PROBLEM DESCRIPTION.
From the entries, copy every line that carries the string "last".

EXCERPTED DATA.
────────────────────────────────────────
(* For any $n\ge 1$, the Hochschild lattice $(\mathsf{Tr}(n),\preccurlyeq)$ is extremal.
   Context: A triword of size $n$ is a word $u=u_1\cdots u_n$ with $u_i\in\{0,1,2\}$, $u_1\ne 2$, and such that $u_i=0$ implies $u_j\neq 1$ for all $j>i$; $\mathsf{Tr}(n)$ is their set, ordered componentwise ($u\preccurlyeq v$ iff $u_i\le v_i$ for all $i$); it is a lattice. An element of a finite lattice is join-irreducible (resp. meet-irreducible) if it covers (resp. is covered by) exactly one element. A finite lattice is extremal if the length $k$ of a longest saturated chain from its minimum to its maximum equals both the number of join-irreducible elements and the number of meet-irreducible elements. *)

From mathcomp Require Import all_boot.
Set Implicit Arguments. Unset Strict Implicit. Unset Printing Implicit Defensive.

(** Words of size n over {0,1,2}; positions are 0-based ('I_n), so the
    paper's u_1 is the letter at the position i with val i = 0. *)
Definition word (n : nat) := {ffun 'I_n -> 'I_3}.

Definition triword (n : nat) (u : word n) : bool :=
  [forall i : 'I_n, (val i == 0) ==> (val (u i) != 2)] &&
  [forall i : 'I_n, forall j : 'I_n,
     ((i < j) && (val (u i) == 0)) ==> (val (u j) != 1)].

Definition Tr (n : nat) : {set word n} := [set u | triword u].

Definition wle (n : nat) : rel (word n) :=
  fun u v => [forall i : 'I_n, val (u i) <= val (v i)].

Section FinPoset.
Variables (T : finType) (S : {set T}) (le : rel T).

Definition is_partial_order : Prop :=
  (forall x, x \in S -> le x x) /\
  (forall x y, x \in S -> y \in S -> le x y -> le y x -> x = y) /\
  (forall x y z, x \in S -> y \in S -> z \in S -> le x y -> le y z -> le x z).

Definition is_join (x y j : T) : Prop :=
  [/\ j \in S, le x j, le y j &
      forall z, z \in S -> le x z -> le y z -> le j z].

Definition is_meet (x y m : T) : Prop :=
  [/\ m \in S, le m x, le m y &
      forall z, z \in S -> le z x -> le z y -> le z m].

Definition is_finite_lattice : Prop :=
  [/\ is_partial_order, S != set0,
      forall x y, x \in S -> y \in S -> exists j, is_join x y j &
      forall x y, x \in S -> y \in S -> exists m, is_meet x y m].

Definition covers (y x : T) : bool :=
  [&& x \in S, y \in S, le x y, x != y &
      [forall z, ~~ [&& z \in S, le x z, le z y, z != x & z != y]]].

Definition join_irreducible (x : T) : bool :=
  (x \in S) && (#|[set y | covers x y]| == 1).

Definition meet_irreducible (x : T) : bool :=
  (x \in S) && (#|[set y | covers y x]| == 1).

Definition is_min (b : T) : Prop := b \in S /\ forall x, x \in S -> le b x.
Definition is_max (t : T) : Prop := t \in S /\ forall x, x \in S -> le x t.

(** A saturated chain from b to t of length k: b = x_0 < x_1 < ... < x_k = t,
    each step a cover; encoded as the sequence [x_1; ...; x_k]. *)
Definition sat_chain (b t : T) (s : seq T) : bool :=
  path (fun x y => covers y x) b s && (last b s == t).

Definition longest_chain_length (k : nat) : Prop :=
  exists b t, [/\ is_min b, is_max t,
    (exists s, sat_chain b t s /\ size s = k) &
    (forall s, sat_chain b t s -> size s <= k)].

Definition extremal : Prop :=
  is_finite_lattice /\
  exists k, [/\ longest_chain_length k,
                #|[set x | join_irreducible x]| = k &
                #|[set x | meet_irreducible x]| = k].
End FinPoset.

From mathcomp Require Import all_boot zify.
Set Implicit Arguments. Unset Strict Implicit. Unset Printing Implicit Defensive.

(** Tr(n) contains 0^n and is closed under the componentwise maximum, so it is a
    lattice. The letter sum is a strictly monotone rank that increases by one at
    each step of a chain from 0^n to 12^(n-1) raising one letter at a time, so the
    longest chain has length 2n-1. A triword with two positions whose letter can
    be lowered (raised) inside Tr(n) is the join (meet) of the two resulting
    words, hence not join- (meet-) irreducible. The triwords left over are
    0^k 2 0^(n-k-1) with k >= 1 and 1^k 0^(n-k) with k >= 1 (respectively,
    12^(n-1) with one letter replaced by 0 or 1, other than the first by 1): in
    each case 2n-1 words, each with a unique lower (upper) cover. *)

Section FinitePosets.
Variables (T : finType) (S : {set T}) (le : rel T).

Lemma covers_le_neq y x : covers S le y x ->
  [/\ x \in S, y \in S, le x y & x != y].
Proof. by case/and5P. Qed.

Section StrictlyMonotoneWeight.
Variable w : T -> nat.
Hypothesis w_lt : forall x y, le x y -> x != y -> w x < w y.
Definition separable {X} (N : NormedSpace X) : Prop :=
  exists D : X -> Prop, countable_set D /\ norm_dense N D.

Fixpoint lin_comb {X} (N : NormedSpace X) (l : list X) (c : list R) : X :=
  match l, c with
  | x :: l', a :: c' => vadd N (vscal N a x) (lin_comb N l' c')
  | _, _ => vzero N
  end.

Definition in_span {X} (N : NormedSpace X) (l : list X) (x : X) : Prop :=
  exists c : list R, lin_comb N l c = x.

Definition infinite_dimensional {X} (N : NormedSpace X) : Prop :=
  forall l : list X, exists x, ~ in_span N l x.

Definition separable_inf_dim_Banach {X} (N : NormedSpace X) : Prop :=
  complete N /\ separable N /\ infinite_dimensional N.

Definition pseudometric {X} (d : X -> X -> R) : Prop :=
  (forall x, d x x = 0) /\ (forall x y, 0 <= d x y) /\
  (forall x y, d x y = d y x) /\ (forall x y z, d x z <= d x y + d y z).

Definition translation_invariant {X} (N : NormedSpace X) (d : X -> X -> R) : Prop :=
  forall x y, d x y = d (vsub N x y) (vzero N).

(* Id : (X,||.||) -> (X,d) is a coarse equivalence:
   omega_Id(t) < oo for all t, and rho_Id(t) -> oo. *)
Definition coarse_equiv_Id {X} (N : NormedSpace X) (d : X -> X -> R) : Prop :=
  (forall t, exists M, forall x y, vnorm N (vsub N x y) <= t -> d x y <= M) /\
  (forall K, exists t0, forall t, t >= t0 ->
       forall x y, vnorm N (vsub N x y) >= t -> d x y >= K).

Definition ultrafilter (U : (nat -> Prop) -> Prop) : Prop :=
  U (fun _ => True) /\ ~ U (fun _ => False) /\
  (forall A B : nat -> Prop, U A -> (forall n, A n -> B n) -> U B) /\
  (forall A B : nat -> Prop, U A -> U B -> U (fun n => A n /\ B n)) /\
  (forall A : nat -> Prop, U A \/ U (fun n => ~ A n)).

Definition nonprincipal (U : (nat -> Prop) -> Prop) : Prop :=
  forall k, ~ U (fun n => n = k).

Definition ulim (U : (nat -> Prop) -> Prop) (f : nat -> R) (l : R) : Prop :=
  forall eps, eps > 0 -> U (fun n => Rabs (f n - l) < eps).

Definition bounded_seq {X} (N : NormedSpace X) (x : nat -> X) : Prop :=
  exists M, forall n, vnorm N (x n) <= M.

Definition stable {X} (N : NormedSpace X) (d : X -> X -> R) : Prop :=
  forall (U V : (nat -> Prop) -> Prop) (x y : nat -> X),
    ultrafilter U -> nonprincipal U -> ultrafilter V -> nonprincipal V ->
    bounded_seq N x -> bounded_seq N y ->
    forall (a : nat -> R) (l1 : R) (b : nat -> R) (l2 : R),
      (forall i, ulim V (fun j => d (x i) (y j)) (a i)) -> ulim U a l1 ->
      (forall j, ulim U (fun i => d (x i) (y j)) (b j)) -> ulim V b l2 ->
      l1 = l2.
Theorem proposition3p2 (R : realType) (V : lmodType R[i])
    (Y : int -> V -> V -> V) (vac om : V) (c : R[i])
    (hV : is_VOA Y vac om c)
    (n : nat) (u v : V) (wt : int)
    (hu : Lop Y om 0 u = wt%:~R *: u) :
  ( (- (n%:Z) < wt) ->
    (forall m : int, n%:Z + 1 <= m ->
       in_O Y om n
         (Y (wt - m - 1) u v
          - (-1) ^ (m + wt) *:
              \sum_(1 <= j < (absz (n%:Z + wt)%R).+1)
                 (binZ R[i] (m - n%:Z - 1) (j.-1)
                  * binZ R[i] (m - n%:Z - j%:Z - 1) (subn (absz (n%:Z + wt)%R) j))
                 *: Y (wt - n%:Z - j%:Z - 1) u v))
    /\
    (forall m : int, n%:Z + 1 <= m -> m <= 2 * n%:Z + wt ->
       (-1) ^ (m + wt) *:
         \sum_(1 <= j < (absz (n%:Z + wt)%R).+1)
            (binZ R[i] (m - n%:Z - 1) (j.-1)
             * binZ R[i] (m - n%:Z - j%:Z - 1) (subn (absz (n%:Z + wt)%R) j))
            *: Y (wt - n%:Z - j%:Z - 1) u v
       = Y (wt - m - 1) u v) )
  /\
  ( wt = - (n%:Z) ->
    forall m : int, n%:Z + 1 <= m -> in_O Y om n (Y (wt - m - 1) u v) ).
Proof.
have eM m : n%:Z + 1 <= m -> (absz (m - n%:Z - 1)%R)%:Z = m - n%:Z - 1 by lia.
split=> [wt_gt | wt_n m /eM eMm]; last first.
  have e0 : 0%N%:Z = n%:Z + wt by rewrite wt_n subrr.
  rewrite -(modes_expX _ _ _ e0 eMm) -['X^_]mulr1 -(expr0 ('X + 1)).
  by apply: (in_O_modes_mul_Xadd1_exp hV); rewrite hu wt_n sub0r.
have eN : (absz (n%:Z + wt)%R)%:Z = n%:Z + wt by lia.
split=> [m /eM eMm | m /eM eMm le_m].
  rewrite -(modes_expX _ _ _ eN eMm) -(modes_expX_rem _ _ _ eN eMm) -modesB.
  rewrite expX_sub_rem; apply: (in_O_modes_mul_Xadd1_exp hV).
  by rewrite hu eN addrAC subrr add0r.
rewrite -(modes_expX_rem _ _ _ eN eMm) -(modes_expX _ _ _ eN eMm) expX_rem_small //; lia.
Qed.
────────────────────────────────────────
ANSWER FOR THIS EXERCISE.
  path (fun x y => covers y x) b s && (last b s == t).
split=> [wt_gt | wt_n m /eM eMm]; last first.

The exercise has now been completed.